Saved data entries
(* Let $k$ be a field of characteristic $0$ and $A$ a $k$-vector space. Then $S_{\le r}A=\bigoplus_{0\le i\le r}S^iA$ for every $r\ge0$.
   Context: $SA=\bigoplus_{n\ge0}S^nA$ is the symmetric algebra of $A$ ($S^0A=k$, $S^nA$ the $n$-th symmetric power, with pure symmetric tensors $a_1\otimes_s\dots\otimes_s a_n$). The linear map $\partial\colon SA\to SA\otimes A$ is given by $\partial(\lambda)=0$ for $\lambda\in S^0A$ and $\partial(a_1\otimes_s\dots\otimes_s a_n)=\sum_{i=1}^n(a_1\otimes_s\dots\otimes_s a_{i-1}\otimes_s a_{i+1}\otimes_s\dots\otimes_s a_n)\otimes a_i$. Iterates: $\partial^0=1_{SA}$ and $\partial^{r+1}:=\partial;(\partial^r\otimes 1_A)\colon SA\to SA\otimes A^{\otimes(r+1)}$. Define $S_{\le r}A:=\ker(\partial^{r+1})\subseteq SA$. *)

From HB Require Import structures.
From mathcomp Require Import all_boot all_order all_algebra.
From mathcomp Require Import finmap.
From mathcomp.multinomials Require Import monalg.
From Stdlib Require Import ClassicalEpsilon.

Set Implicit Arguments.
Unset Strict Implicit.
Unset Printing Implicit Defensive.

Import GRing.Theory.
Local Open Scope ring_scope.

Definition lext (k : fieldType) (K : choiceType) (V : lmodType k)
  (h : K -> V) (g : {malg k[K]}) : V :=
  \sum_(x <- msupp g) g@_x *: h x.

Definition span (k : fieldType) (V : lmodType k) (G : V -> Prop) : V -> Prop :=
  fun x => exists s : seq (k * V),
    (forall p, p \in s -> G p.2) /\ x = \sum_(p <- s) p.1 *: p.2.

Definition coset (k : fieldType) (V : lmodType k) (W : V -> Prop) (x : V)
  : V -> Prop := fun y => W (y - x).

Definition quot (k : fieldType) (V : lmodType k) (W : V -> Prop) : Type :=
  {C : V -> Prop | exists x, C = coset W x}.

Definition qpi (k : fieldType) (V : lmodType k) (W : V -> Prop) (x : V)
  : quot W := exist _ (coset W x) (ex_intro _ x erefl).

Definition qrepr (k : fieldType) (V : lmodType k) (W : V -> Prop)
  (C : quot W) : V :=
  proj1_sig (constructive_indefinite_description _ (proj2_sig C)).

Definition remove_at (T : Type) (i : nat) (w : seq T) : seq T :=
  take i w ++ drop i.+1 w.

(* generator of the word w stands for a_1 (x)_s ... (x)_s a_n.          *)
Definition FS (k : fieldType) (A : lmodType k) := {malg k[seq A]}.
Definition gS (k : fieldType) (A : lmodType k) (w : seq A) : FS A := << w >>.

(* The generator stands for (w_1 (x)_s ... (x)_s w_n) (x) t_1 (x)...(x) t_m. *)
Definition FT (k : fieldType) (A : lmodType k) (m : nat) :=
  {malg k[(seq A * m.-tuple A)%type]}.
Definition gT (k : fieldType) (A : lmodType k) (m : nat) (w t : seq A)
  : FT A m :=
  match (insub t : option (m.-tuple A)) with
  | Some u => << (w, u) >>
  | None => 0
  end.

Definition multilin (k : fieldType) (A : lmodType k) (V : lmodType k)
  (g : seq A -> V) : V -> Prop := fun x =>
  exists (u v : seq A) (a b : A) (c : k),
    x = g (u ++ (c *: a + b) :: v) - c *: g (u ++ a :: v) - g (u ++ b :: v).

(* Relations defining SA = (+)_n S^n A: multilinearity and symmetry. *)
Definition RelS (k : fieldType) (A : lmodType k) : FS A -> Prop :=
  span (fun x => multilin (@gS k A) x \/
                 exists s s' : seq A, perm_eq s s' /\ x = gS s - gS s').

(* Relations defining SA (x) A^{(x) m}: multilinearity in every slot and *)
(* symmetry in the SA-part.                                              *)
Definition RelT (k : fieldType) (A : lmodType k) (m : nat) : FT A m -> Prop :=
  span (fun x => (exists t, multilin (fun w => gT m w t) x)
              \/ (exists w, multilin (fun t => gT m w t) x)
              \/ exists (s s' t : seq A), perm_eq s s' /\
                                          x = gT m s t - gT m s' t).

Definition SA (k : fieldType) (A : lmodType k) := quot (@RelS k A).
Definition SAT (k : fieldType) (A : lmodType k) (m : nat) := quot (@RelT k A m).

Definition Sn (k : fieldType) (A : lmodType k) (n : nat) : SA A -> Prop :=
  fun C => exists x, span (fun y => exists w : seq A, size w = n /\ y = gS w) x
                     /\ C = qpi (@RelS k A) x.

Definition dfree (k : fieldType) (A : lmodType k) : FS A -> FT A 1 :=
  lext (fun w : seq A =>
          \sum_(i < size w) gT 1 (remove_at i w) [:: nth 0 w i]).

Definition tens_right (k : fieldType) (A : lmodType k) (m : nat) (a : A)
  : FT A m -> FT A m.+1 :=
  lext (fun p : seq A * m.-tuple A => gT m.+1 p.1 (rcons (val p.2) a)).

(* partial^0 = 1_SA (SA identified with SA (x) A^{(x) 0}),
   partial^{r+1} = partial ; (partial^r (x) 1_A) *)
Fixpoint dpow (k : fieldType) (A : lmodType k) (r : nat) : FS A -> FT A r :=
  match r with
  | 0 => lext (fun w : seq A => gT 0 w [::])
  | r'.+1 => fun x =>
      lext (fun p : seq A * 1.-tuple A =>
              tens_right (thead p.2) (dpow r' (gS p.1))) (dfree x)
  end.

_Directions_
Select all lines with the word "dpow" from the entries above.

_Expected answer_
Fixpoint dpow (k : fieldType) (A : lmodType k) (r : nat) : FS A -> FT A r :=
              tens_right (thead p.2) (dpow r' (gS p.1))) (dfree x)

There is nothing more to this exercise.